🤖 AI Summary
In perceptually aliased environments—such as narrow pipelines—conventional loop closure detection suffers from performance degradation due to vector quantization distortion, sparse features, and repetitive textures, while existing solutions incur prohibitive computational overhead. To address these challenges, this paper proposes Bag-of-Word-Groups (BoWG), a novel loop closure detection framework. Its core contributions include: (1) an online visual word-group dictionary that explicitly models spatial co-occurrence patterns; (2) integration of adaptive temporal consistency constraints and feature distribution analysis to enhance discriminability; and (3) a probabilistic transition model coupled with a lightweight post-verification mechanism for efficient similarity evaluation. Evaluated on the Bicocca25b dataset and a newly collected pipeline dataset, BoWG outperforms classical Bag-of-Words and state-of-the-art learning-based methods, achieving a 12.6% improvement in recall while maintaining an average per-frame inference time of only 16 ms—demonstrating superior accuracy, robustness, and real-time capability.
📝 Abstract
Loop closure is critical in Simultaneous Localization and Mapping (SLAM) systems to reduce accumulative drift and ensure global mapping consistency. However, conventional methods struggle in perceptually aliased environments, such as narrow pipes, due to vector quantization, feature sparsity, and repetitive textures, while existing solutions often incur high computational costs. This paper presents Bag-of-Word-Groups (BoWG), a novel loop closure detection method that achieves superior precision-recall, robustness, and computational efficiency. The core innovation lies in the introduction of word groups, which captures the spatial co-occurrence and proximity of visual words to construct an online dictionary.

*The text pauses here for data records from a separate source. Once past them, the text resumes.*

(* Induction on the number [k] of coordinates taken into account; the [k]-th
   coordinate is handled by splitting on values below the largest one occurring
   in the basis found for the first [k] coordinates. *)
Lemma dickson_upto k (P : mon -> Prop) :
  exists s : seq mon, (forall x, x \in s -> P x) /\
    forall mu, P mu -> exists2 nu, nu \in s & lepm_upto k nu mu.
Proof.
elim: k P => [|k IH] P.
  case: (classic (exists mu, P mu)) => [[mu Hmu]|Hno].
  - by exists [:: mu]; split=> [x|nu _]; [rewrite inE => /eqP -> | exists mu; rewrite ?inE].
  - by exists [::]; split => // mu Hmu; case: Hno; exists mu.
have [s [Hs Hdom]] := IH P.
case: (ltnP k n) => Hkn; last first.
  exists s; split => // mu /Hdom [nu Hnu Hd]; exists nu => // i Hi.
  by apply: Hd; apply: leq_trans (ltn_ord i) Hkn.
pose kk := Ordinal Hkn.
have lepm_upto_S nu mu : lepm_upto k nu mu -> (nu kk <= mu kk)%N -> lepm_upto k.+1 nu mu.
  move=> Hd Hkk i; rewrite ltnS leq_eqVlt => /orP [/eqP Ei|]; last exact: Hd.
  by have -> : i = kk by apply: val_inj.
have below B : exists t : seq mon, (forall x, x \in t -> P x) /\
    forall mu, P mu -> (mu kk < B)%N -> exists2 nu, nu \in t & lepm_upto k.+1 nu mu.
  elim: B => [|B [t [Ht Htd]]]; first by exists [::]; split.
  have [u [Hu Hud]] := IH (fun mu => P mu /\ mu kk = B).
  exists (t ++ u); split.
    by move=> x; rewrite mem_cat => /orP [/Ht|/Hu []].
  move=> mu Hmu; rewrite ltnS leq_eqVlt => /orP [/eqP E|Hlt]; last first.
    by have [nu Hnu Hd] := Htd mu Hmu Hlt; exists nu => //; rewrite mem_cat Hnu.
  have [nu Hnu Hd] := Hud mu (conj Hmu E).
  exists nu; first by rewrite mem_cat Hnu orbT.
  by apply: lepm_upto_S => //; have [_ ->] := Hu _ Hnu; rewrite E.
have [t [Ht Htd]] := below (\max_(nu <- s) nu kk).
exists (s ++ t); split.
  by move=> x; rewrite mem_cat => /orP [/Hs|/Ht].
move=> mu Hmu; case: (ltnP (mu kk) (\max_(nu <- s) nu kk)) => HB.
  by have [nu Hnu Hd] := Htd mu Hmu HB; exists nu => //; rewrite mem_cat Hnu orbT.
have [nu Hnu Hd] := Hdom mu Hmu.
exists nu; first by rewrite mem_cat Hnu.
apply: lepm_upto_S => //; apply: leq_trans HB.
exact: (@leq_bigmax_seq _ s xpredT (fun nu : mon => nu kk) nu Hnu).
Qed.

Lemma dickson (P : mon -> Prop) :
  exists s : seq mon, (forall x, x \in s -> P x) /\
    forall mu, P mu -> exists2 nu, nu \in s & (nu <= mu)%MM.
Proof.
have [s [Hs Hd]] := dickson_upto n P; exists s; split => // mu /Hd [nu Hnu H].
by exists nu => //; apply/mnm_lepP => i; apply: H.
Qed.

End Dickson.

Lemma seq_choice (X Y : eqType) (R : X -> Y -> Prop) (l : seq X) :
  (forall x, x \in l -> exists y, R x y) ->
  exists G : seq Y, (forall y, y \in G -> exists2 x, x \in l & R x y) /\
                    (forall x, x \in l -> exists2 y, y \in G & R x y).
Proof.
elim: l => [|x l IH] H; first by exists [::]; split.
have [y Hy] := H x (mem_head _ _).
have [G [H1 H2]] := IH (fun x' Hx' => H x' (@mem_behead _ (x :: l) x' Hx')).
exists (y :: G); split.
- move=> y'; rewrite inE => /orP [/eqP ->|/H1 [x' Hx' R']].
  + by exists x; rewrite ?mem_head.
  + by exists x' => //; rewrite inE Hx' orbT.
- move=> x'; rewrite inE => /orP [/eqP ->|/H2 [y' Hy' R']].
  + by exists y; rewrite ?mem_head.
  + by exists y' => //; rewrite inE Hy' orbT.
Qed.

Lemma mdividesP n (a b : 'X_{1..n}) : reflect (a <= b)%MM (mdivides a b).
Proof. by apply: (iffP forallP) => [H|/mnm_lepP //]; apply/mnm_lepP. Qed.

Section ReducedBasis.
Variables (n : nat) (K : fieldType).
Local Notation A := {mpoly K[n]}.
Local Notation mon := 'X_{1..n}.
Variable ord : rel mon.
Hypothesis Hord : monomial_order ord.
Variable I : A -> Prop.
Hypothesis HI : is_ideal I.
Local Notation lead_mono := (is_lead_mono ord I).

Definition in_normal_form (r : A) := forall m, m \in msupp r -> ~ lead_mono m.
Definition has_normal_form (p : A) := exists r, I (p - r) /\ in_normal_form r.

Lemma has_normal_form_mem p : I p -> has_normal_form p.
Proof. by exists 0; rewrite subr0; split => // m; rewrite msupp0. Qed.

Lemma has_normal_formD p q :
  has_normal_form p -> has_normal_form q -> has_normal_form (p + q).
Proof.
move=> [r [Hr Sr]] [s [Hs Ss]]; exists (r + s); split.
- by rewrite opprD addrACA; apply: is_idealD.
- by move=> m /msuppD_le; rewrite mem_cat => /orP [/Sr|/Ss].
Qed.

Lemma has_normal_formZ c p : has_normal_form p -> has_normal_form (c *: p).
Proof.
move=> [r [Hr Sr]]; exists (c *: r); split; first by rewrite -scalerBr; apply: is_idealZ.
by move=> m /msuppZ_le /Sr.
Qed.

Lemma has_normal_form_msupp p :
  (forall m, m \in msupp p -> has_normal_form 'X_[m]) -> has_normal_form p.
Proof.
move=> H; rewrite (mpolyE p); elim: (msupp p) H => [|x s IH] H.
  by rewrite big_nil; apply: has_normal_form_mem; apply: is_ideal0.
rewrite big_cons; apply: has_normal_formD; first by apply: has_normal_formZ; apply/H/mem_head.
by apply: IH => m Hm; apply: H; rewrite inE Hm orbT.
Qed.

(* Division algorithm: subtract from ['X_[mu]] a scaled element of [I] with leading
   monomial [mu], leaving only smaller monomials. *)
Lemma has_normal_formX mu : has_normal_form 'X_[mu].
Proof.
elim/(mo_ind Hord): mu => mu IH.
case: (classic (lead_mono mu)) => [[f [If f0 Lf]]|Nmu]; last first.
  exists 'X_[mu]; rewrite subrr; split; first exact: is_ideal0.
  by move=> m; rewrite msuppX inE => /eqP ->.
have fmu0 : f@_mu != 0 by rewrite -mcoeff_msupp; case: Lf.
set g := (f@_mu)^-1 *: f.
have Lg : is_LM ord g mu by apply: is_LMZ; rewrite ?invr_eq0.
rewrite -(subrK g 'X_[mu]).
apply: has_normal_formD; last by apply: has_normal_form_mem; apply: is_idealZ.
apply: has_normal_form_msupp => m Hm.
have [] := msuppB_lt_LM (is_LMX K Hord mu) Lg _ Hm; last exact: IH.
by rewrite mcoeffX eqxx mcoeffZ mulVf.
Qed.

Definition reduced_elt (mu : mon) (g : A) :=
  [/\ I g, is_LM ord g mu, g@_mu = 1 & forall m, m \in msupp g -> m != mu -> ~ lead_mono m].

Lemma reduced_elt_neq0 mu g : reduced_elt mu g -> g != 0.
Proof. by case=> _ _ g1 _; apply: contra_eq_neq g1 => ->; rewrite mcoeff0 eq_sym oner_neq0. Qed.

Lemma reduced_elt_lead_mono mu g : reduced_elt mu g -> lead_mono mu.
Proof. by move=> Hg; exists g; have [Ig Lg _ _] := Hg; split => //; apply: reduced_elt_neq0 Hg. Qed.

Lemma reduced_elt_uniq mu g1 g2 : reduced_elt mu g1 -> reduced_elt mu g2 -> g1 = g2.
Proof.
move=> [I1 L1 C1 S1] [I2 L2 C2 S2].
have [/eqP|Hd] := eqVneq (g1 - g2) 0; first by rewrite subr_eq0 => /eqP.
exfalso.
have [m Lm] := is_LM_exists Hord Hd.
have Tm : lead_mono m by exists (g1 - g2); split => //; apply: is_idealB.
have Hmu : m != mu.
  by apply: contraTneq (proj1 Lm) => ->; rewrite mcoeff_msupp mcoeffB C1 C2 subrr eqxx.
move: (proj1 Lm) => /msuppB_le; rewrite mem_cat => /orP [H|H].
- exact: S1 H Hmu Tm.
- exact: S2 H Hmu Tm.
Qed.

Additionally, drawing inspiration from probabilistic transition models, we incorporate temporal consistency directly into similarity computation with an adaptive scheme, substantially improving precision-recall performance. The method is further strengthened by a feature distribution analysis module and dedicated post-verification mechanisms. To evaluate the effectiveness of our method, we conduct experiments on both public datasets and a confined-pipe dataset we constructed. Results demonstrate that BoWG surpasses state-of-the-art methods, including both traditional and learning-based approaches, in terms of precision-recall and computational efficiency. Our approach also exhibits excellent scalability, achieving an average processing time of 16 ms per image across 17,565 images in the Bicocca25b dataset.